Look through the material that follows and show every line with the string "apply".
--- Available data Enclosed Below ---
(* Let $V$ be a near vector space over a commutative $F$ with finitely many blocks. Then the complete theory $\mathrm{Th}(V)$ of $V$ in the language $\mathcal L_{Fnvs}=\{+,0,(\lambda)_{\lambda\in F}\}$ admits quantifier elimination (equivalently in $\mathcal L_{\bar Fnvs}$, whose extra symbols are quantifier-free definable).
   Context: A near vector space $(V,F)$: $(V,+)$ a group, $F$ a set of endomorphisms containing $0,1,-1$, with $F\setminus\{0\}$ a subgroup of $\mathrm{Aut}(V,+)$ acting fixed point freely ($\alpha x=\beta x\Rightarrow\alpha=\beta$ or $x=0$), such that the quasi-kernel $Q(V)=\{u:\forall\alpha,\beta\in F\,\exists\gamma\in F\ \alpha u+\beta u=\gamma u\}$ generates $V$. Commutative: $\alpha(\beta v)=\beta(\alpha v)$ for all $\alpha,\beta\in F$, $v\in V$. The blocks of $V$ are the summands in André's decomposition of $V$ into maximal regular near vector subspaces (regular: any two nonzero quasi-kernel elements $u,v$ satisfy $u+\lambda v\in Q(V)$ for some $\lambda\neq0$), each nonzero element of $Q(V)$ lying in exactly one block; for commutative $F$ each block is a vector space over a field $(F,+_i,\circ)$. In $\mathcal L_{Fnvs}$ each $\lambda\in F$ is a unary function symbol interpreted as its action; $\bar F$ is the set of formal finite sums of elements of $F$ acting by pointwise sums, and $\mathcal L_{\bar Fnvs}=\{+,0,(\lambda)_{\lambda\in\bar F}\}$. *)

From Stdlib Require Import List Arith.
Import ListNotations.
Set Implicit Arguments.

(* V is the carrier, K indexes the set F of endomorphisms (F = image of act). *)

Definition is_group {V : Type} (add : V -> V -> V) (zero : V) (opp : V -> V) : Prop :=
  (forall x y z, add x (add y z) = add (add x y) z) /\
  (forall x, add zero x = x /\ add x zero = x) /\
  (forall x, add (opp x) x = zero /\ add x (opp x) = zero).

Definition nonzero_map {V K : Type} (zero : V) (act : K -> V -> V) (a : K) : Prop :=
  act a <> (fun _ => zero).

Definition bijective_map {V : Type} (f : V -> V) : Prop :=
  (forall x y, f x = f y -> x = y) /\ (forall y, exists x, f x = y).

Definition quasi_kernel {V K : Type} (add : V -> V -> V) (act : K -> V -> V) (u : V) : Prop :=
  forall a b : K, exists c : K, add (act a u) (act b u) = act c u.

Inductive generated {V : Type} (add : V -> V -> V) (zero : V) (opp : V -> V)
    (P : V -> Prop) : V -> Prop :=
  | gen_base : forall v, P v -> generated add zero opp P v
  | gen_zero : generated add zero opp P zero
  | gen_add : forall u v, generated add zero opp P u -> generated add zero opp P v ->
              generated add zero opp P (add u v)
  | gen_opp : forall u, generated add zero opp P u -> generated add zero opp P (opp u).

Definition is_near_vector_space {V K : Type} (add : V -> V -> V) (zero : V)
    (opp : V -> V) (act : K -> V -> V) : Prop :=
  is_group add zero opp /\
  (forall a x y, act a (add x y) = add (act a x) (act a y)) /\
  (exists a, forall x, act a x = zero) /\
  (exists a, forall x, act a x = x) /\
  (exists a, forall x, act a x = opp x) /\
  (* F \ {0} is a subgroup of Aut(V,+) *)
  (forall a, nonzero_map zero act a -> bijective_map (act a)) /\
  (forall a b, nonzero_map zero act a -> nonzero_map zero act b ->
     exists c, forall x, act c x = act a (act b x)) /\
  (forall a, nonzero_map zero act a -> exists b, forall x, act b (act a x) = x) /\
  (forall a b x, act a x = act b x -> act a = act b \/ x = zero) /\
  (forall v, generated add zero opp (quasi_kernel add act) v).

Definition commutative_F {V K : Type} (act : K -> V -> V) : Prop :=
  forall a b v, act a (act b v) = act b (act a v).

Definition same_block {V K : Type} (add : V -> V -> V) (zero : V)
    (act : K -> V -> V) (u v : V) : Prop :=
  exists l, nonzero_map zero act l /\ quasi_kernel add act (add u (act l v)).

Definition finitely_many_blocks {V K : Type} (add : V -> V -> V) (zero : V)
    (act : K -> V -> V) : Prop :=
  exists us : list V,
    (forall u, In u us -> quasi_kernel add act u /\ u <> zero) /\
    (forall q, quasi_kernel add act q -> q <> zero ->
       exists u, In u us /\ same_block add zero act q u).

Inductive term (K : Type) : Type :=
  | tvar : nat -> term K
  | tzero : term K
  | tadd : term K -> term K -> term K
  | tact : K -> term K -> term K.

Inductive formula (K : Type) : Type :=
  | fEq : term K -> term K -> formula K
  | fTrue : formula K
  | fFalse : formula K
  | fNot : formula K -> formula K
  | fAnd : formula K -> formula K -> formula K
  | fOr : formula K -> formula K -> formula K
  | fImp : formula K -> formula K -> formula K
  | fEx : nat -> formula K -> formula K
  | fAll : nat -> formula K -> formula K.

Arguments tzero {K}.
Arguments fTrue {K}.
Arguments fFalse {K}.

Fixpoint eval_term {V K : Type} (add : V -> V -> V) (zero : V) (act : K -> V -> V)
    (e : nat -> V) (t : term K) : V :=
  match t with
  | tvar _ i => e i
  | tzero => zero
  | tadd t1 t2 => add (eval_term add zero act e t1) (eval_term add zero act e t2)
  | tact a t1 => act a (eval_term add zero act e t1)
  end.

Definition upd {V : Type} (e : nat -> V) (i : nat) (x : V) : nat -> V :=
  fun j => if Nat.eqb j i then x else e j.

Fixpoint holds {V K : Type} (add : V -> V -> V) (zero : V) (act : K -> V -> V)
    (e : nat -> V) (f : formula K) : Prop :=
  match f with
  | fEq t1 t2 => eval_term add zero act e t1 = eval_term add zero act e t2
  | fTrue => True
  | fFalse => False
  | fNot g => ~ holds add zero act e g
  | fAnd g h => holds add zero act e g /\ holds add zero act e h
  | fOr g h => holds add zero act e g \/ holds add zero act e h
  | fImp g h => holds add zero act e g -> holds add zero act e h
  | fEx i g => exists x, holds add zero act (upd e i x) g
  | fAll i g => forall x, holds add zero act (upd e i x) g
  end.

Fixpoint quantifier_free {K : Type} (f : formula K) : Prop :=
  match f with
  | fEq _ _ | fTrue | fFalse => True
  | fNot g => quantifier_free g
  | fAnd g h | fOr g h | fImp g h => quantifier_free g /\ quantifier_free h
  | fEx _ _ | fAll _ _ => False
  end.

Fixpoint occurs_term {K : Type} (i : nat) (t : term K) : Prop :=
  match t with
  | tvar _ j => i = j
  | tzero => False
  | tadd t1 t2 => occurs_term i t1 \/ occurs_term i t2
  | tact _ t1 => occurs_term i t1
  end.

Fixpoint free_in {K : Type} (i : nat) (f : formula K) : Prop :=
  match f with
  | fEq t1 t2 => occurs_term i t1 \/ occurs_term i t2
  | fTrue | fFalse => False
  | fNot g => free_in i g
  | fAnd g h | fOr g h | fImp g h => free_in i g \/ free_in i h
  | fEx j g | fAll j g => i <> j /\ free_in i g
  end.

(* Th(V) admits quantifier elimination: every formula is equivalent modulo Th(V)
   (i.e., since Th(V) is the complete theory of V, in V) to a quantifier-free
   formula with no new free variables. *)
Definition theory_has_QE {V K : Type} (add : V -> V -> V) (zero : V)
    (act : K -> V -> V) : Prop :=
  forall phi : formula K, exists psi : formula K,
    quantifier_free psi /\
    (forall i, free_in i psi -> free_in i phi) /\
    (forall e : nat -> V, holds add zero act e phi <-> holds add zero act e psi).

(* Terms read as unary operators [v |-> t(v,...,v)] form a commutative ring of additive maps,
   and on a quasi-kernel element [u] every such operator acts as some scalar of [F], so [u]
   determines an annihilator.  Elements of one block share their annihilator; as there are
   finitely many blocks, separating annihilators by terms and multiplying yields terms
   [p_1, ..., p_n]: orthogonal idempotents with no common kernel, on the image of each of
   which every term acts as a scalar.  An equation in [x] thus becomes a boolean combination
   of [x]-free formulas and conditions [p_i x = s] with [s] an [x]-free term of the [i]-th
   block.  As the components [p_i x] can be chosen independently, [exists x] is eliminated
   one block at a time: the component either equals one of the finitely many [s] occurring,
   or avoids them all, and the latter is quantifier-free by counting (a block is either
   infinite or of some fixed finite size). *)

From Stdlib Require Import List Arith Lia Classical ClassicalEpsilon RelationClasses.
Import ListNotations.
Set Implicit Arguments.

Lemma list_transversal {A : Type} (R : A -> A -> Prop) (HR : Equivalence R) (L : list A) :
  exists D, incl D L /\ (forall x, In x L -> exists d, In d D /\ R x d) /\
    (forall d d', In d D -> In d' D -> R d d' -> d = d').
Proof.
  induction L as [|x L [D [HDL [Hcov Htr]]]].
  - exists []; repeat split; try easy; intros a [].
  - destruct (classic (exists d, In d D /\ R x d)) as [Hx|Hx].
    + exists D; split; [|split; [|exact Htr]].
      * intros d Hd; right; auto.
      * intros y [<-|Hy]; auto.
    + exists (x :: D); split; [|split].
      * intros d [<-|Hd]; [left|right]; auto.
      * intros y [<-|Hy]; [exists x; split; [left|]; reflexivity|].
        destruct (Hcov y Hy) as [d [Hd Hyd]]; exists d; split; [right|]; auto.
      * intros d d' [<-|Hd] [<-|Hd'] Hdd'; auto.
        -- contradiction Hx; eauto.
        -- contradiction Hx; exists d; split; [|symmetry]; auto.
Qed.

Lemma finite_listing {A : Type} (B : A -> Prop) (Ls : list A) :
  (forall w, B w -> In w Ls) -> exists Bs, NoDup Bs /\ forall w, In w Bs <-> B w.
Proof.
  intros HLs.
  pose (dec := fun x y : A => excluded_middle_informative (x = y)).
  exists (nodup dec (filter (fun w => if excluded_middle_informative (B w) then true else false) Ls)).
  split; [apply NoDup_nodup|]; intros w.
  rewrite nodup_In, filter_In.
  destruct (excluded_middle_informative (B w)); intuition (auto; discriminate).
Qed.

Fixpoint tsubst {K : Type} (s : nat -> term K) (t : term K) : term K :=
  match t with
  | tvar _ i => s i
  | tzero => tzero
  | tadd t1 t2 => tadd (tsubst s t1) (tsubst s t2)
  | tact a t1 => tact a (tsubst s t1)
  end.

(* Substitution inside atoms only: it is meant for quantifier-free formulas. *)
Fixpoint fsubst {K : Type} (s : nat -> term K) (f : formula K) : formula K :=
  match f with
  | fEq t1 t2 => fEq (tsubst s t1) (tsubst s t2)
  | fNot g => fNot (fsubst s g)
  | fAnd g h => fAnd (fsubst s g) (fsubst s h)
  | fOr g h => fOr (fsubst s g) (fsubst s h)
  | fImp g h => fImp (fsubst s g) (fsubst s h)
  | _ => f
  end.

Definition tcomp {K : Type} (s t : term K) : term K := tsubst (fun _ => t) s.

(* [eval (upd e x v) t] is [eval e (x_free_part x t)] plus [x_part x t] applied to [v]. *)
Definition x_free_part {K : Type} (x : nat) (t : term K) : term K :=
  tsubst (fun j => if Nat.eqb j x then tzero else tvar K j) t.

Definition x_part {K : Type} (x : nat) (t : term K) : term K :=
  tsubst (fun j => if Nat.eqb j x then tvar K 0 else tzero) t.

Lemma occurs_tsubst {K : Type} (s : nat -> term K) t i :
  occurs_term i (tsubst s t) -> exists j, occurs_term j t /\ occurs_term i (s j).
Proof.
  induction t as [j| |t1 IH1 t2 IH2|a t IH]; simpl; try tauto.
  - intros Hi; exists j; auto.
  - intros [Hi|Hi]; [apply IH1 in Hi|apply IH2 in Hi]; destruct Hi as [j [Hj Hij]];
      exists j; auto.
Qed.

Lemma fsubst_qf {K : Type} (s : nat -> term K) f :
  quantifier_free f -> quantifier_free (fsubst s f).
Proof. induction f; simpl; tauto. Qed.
--- End of Enclosed Available data ---
■ Response to this exercise ■
  split; [apply NoDup_nodup|]; intros w.
  - intros [Hi|Hi]; [apply IH1 in Hi|apply IH2 in Hi]; destruct Hi as [j [Hj Hij]];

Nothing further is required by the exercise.